Respondent driven sampling (RDS) is an approach to sampling design and analysis which utilizes the networks of social relationships that connect members of the target population, using chain-referral. It is especially useful when sampling stigmatized groups, such as injection drug users, sex workers, and men who have sex with men, etc. In our latest contribution, just published in Biometrics, Yakir Berchenko, Simon Frost and myself, take a look at RDS and cast the sampling as a stochastic epidemic. This view allows us to analyze RDS using the likelihood framework, which was previously impossible. In particular, this allows us to debias population prevalence estimates, and estimate the population size! The likelihood framework also allows us to add Bayesian regularization, debias risk estimates a-la AIC, or cross-validation, which were previously impossible, without the sampling distribution.

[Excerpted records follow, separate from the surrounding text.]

Lemma bdot_self_ge_coord m n v i : (i <= n)%nat -> v (m + i)%nat * v (m + i)%nat <= bdot m n v v.
Proof.
  intros Hi. induction n as [|n IH]; unfold bdot in *; simpl.
  - replace i with 0%nat by lia. lra.
  - destruct (Nat.eq_dec i (S n)) as [->|Hne].
    + pose proof (bdot_ge0 m n v). unfold bdot in H. nra.
    + specialize (IH ltac:(lia)). nra.
Qed.

Lemma bdot_nonzero_pos N v : Defs.nonzero N v -> 0 < bdot 0 N v v.
Proof.
  intros [i [Hi Hv]]. eapply Rlt_le_trans; [|apply (bdot_self_ge_coord 0 N v i Hi)].
  apply Rsqr_pos_lt, Hv.
Qed.

Lemma normalize_vector N z :
  supp N z -> 0 < bdot 0 N z z ->
  exists c, 0 < c /\ supp N (vscal c z) /\ bdot 0 N (vscal c z) (vscal c z) = 1.
Proof.
  intros Hs Hp. pose proof (sqrt_lt_R0 _ Hp) as Hr.
  exists (/ sqrt (bdot 0 N z z)). split; [apply Rinv_0_lt_compat; lra|].
  split; [apply supp_vscal, Hs|].
  rewrite bdot_scall, bdot_scalr, <- Rmult_assoc, <- Rinv_mult, sqrt_sqrt by lra.
  field; lra.
Qed.

(** * Three half-spaces meeting a fourth *)

Definition halfspaces_meet (N : nat) (a b c : vecR) : Prop :=
  exists z, bdot 0 N a z > 0 /\ bdot 0 N b z > 0 /\ bdot 0 N c z > 0.

Lemma halfspaces_meet_swap N a b c : halfspaces_meet N a b c -> halfspaces_meet N a c b.
Proof. intros [z Hz]; exists z; tauto. Qed.
Lemma dotv_orthonormal_complement n d (D : 'M[R]_(n, d)) (Dbar : 'M[R]_(d - n, d))
    (u v : 'cV[R]_d) :
  D^T *m D + Dbar^T *m Dbar = 1%:M ->
  dotv (D *m u) (D *m v) + dotv (Dbar *m u) (Dbar *m v) = dotv u v.
Proof.
move=> resolution.
have split_uv : u^T *m (D^T *m D) *m v + u^T *m (Dbar^T *m Dbar) *m v = u^T *m v.
  by rewrite -mulmxDl -mulmxDr resolution mulmx1.
by rewrite !dotvE -split_uv !trmx_mul !mulmxA [in RHS]mxE.
Qed.

End RestrictedOrthogonality.

Theorem proposition2 (R : realType) (m n d : nat)
  (D : 'M[R]_(n, d)) (Dbar : 'M[R]_(d - n, d)) (A : 'M[R]_(m, n))
  (s1 s2 : nat) (eta : R) (u v : 'cV[R]_d) :
  (n <= d)%N ->
  D *m D^T = 1%:M ->
  Dbar *m D^T = 0 ->
  Dbar *m Dbar^T = 1%:M ->
  (0 < s1)%N -> (0 < s2)%N -> (s1 <= n)%N -> (s2 <= n)%N ->
  0 < eta ->
  [disjoint supp u & supp v] ->
  sparse s1 u ->
  norm1 v - norm2 v <= (s2%:R - Num.sqrt s2%:R) * eta ->
  normInf v <= eta ->
  `| dotv (A *m (D *m u)) (A *m (D *m v)) + dotv (Dbar *m u) (Dbar *m v) |
    <= (1 + Num.sqrt 2 / 2) * eta * Num.sqrt s2%:R * theta A D s1 s2 * norm2 u.
Proof.
move=> nd DD DbarD DbarDbar _ s2_gt0 _ _ eta_gt0 uv_disj u_sparse v12 v_inf.
set r := Num.sqrt s2%:R; set g := gram_gap A D *m u.
have r_gt0 : 0 < r by rewrite sqrtr_gt0 ltr0n.
have -> : dotv (A *m (D *m u)) (A *m (D *m v)) + dotv (Dbar *m u) (Dbar *m v) = dotv g v.
  have := dotv_orthonormal_complement u v
    (orthonormal_complement_resolution nd DD DbarD DbarDbar).
  rewrite (dotv_disjoint_supp uv_disj) /g -dotv_gram_gap => uv_split; lra.
have v_mix := norm1_normInf_mix_le s2_gt0 eta_gt0 v_inf v12.
have -> : (1 + Num.sqrt 2 / 2) * eta * r * theta A D s1 s2 * norm2 u =
  theta A D s1 s2 * (norm2 u * ((1 + Num.sqrt 2 / 2) * eta * r)) by ring.
apply: le_theta_mul => [|c [c_ge0 c_roc]].
  apply: mulr_ge0 (norm2_ge0 u) (le_trans _ v_mix).
  have r_ge0 := ltW r_gt0.
  by rewrite addr_ge0 ?divr_ge0 ?norm1_ge0 // mulr_ge0 ?normInf_ge0 ?divr_ge0.
have g_sparse w : sparse s2 w -> `|dotv g w| <= c * norm2 u * norm2 w.
  by move=> w_sparse; rewrite -dotv_gram_gap; apply: c_roc.
apply: le_trans (dotv_le_norm1_normInf s2_gt0 (mulr_ge0 c_ge0 (norm2_ge0 u)) g_sparse v) _.
by rewrite mulrA ler_wpM2l ?mulr_ge0 ?norm2_ge0.
Qed.
Lemma sum_Ukj_le_expR12 (R : realType) (N p : nat) (beta : R) (mu : 'M[R]_(N, p))
  (g : R -> R) (s1 s2 s3 : R) :
  0 < beta ->
  (forall n, (n < 3)%N -> forall t : R, is_derive t 1 (derive1n n g) (derive1n n.+1 g t)) ->
  (forall t, `|derive1n 1 g t| <= s1) -> (forall t, `|derive1n 2 g t| <= s2) ->
  (forall t, `|derive1n 3 g t| <= s3) ->
  forall x : 'M[R]_(N, p),
  (\sum_(k1 < N) \sum_(k2 < N) \sum_(k3 < N)
     \sum_(j1 < p) \sum_(j2 < p) \sum_(j3 < p)
       Ukj beta (fun X => g (Gbeta beta mu X)) k1 k2 k3 j1 j2 j3 x
   <= (expR 12 * (s3 + 16 * beta * s2 + 24 * beta ^+ 2 * s1))%:E)%E.
Proof.
move=> beta_gt0 g_deriv g1_le g2_le g3_le x; have beta_ge0 := ltW beta_gt0.
have s1_ge0 : 0 <= s1 by exact: le_trans (g1_le 0).
have s2_ge0 : 0 <= s2 by exact: le_trans (g2_le 0).
have s3_ge0 : 0 <= s3 by exact: le_trans (g3_le 0).
set bound := s3 + 12 * beta * s2 + 24 * beta ^+ 2 * s1.
have bound_ge0 : 0 <= (expR 1 ^+ 4) ^+ 3 * bound.
  by rewrite mulr_ge0 ?exprn_ge0 ?expR_ge0 // !addr_ge0 // !mulr_ge0 ?exprn_ge0.
apply: (@le_trans _ _ ((expR 1 ^+ 4) ^+ 3 * bound)%:E).
  case: (posnP N) => [N0|N_gt0]; first by subst N; rewrite big_ord0.
  case: (posnP p) => [p0|p_gt0]; last by apply: sum_Ukj_le.
  subst p; rewrite big1 // => k1 _; rewrite big1 // => k2 _; rewrite big1 // => k3 _.
  exact: big_ord0.
(* The computation gives the constant 12 where the statement has 16. *)
rewrite lee_fin -exprM -expRM_natl mulr1 ler_wpM2l ?expR_ge0 // /bound.
have : 0 <= beta * s2 by rewrite mulr_ge0.
lra.
Qed.
(* Strict shrinking moves [d_GH(G, .) <= r] strictly below [r]: here [r > diam G] is used. *)
Lemma corr_lt_scale_down (M : MetricSpace) (a b : R) :
  0 < a < b -> corr_le G (scale M b) r -> corr_lt G (scale M a) r.
Proof.
  intros Hab Hle.
  set (s := r * (a + b) / (2 * a)).
  assert (Hs : r < s) by (unfold s; apply (Rmult_lt_reg_l (2 * a)); [lra|]; field_simplify; nra).
  destruct (Hle s Hs) as [C HC].
  set (s' := Rmax (r * (a + b) / (2 * b)) (s0 / 2)).
  assert (Hs'1 : r * (a + b) / (2 * b) <= s') by apply Rmax_l.
  assert (Hs'2 : s0 / 2 <= s') by apply Rmax_r.
  exists C, s'. split.
  - apply Rmax_lub_lt; [|lra].
    apply (Rmult_lt_reg_l (2 * b)); [lra|]. field_simplify; nra.
  - apply (corr_scale_down G M C s0 b a s s'); auto; try lra.
    assert (a * s = b * (r * (a + b) / (2 * b))) by (unfold s; field; lra).
    apply Rmult_le_compat_l with (r := b) in Hs'1; lra.
Qed.

Lemma in_sphere_scale_unique (M : MetricSpace) (l m : R) : 0 < l -> 0 < m ->
  in_sphere G r (scale M l) -> in_sphere G r (scale M m) -> l = m.
Proof.
  intros Hl Hm.
  assert (Hlt : forall a b, 0 < a < b ->
    in_sphere G r (scale M a) -> in_sphere G r (scale M b) -> False).
  { intros a b Hab. rewrite !in_sphere_corr. intros [Hnot _] [_ Hle].
    exact (Hnot (corr_lt_scale_down M a b Hab Hle)). }
  intros HSl HSm. destruct (Rtotal_order l m) as [h|[h|h]]; auto; exfalso; eauto.
Qed.

(* Rescaling by [r / (r + x delta)] absorbs the extra distortion [x delta] of passing
   from [x N] to [x M]. *)
Lemma corr_lt_transfer (M N : MetricSpace) (C : M -> N -> Prop) (delta x : R) :
  corr M N C delta -> 0 < x -> corr_lt G (scale N x) r ->
  corr_lt G (scale M (x * (r / (r + x * delta)))) r.
Proof.
  intros HC Hx [C1 [s [Hs HC1]]].
  pose proof (corr_nonneg HC) as Hdelta.
  assert (Hr : 0 < r) by (pose proof s0_nonneg; lra).
  set (c := r / (r + x * delta)).
  assert (Hc : c * (r + x * delta) = r) by (unfold c; field; nra).
  assert (Hc0 : 0 < c) by (unfold c; apply Rdiv_lt_0_compat; nra).
  assert (Hc1 : c <= 1).
  { assert (0 <= c * (x * delta)) by (apply Rmult_le_pos; [lra|apply Rmult_le_pos; lra]). nra. }
  pose proof (corr_comp HC1 (corr_same_scale _ _ _ _ x (corr_sym HC) Hx)) as HC2.
  exists (fun g m => exists n, C1 g n /\ C m n), (Rmax (c * (s + x * delta)) (s0 / 2)).
  split.
  - apply Rmax_lub_lt; nra.
  - apply (corr_scale_down G M _ s0 x (x * c) (s + x * delta)); auto; try nra.
    + pose proof (Rmax_l (c * (s + x * delta)) (s0 / 2)). nra.
    + pose proof (Rmax_r (c * (s + x * delta)) (s0 / 2)). lra.
Qed.

Definition sphere_scale (M : MetricSpace) (lmin lmax : R) : R :=
  Rsup (fun l => lmin <= l <= lmax /\ corr_lt G (scale M l) r).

I particularly like this project, because it is a real end-to-end statistical challenge with nice theory, computational considerations, and a deliverable R package:

A widely applicable problem: sampling in hidden populations is both very important, and a real challenge to classical sampling techniques. RDS is also a potential tool to analyze “Facebook-samples”, which are becoming more prevalent.
The theory: viewing the sampling as a stochastic epidemic, an idea due to Yakir, allows to link the sampling literature to the vast corpus of knowledge on epidemics, software reliability, and counting processes.
A computational challenge: The likelihood function implied by the stochastic epidemic is essentially, a stochastic differential equation. The counting processes literature allowed us to state the likelihood directly, observe it is separable, and solve the maximum-likelihood problem efficiently.
An R package: Our RDS estimator, with the numerical “tricks” above, is implemented in the chords package, available from CRAN.

Written on February 22, 2017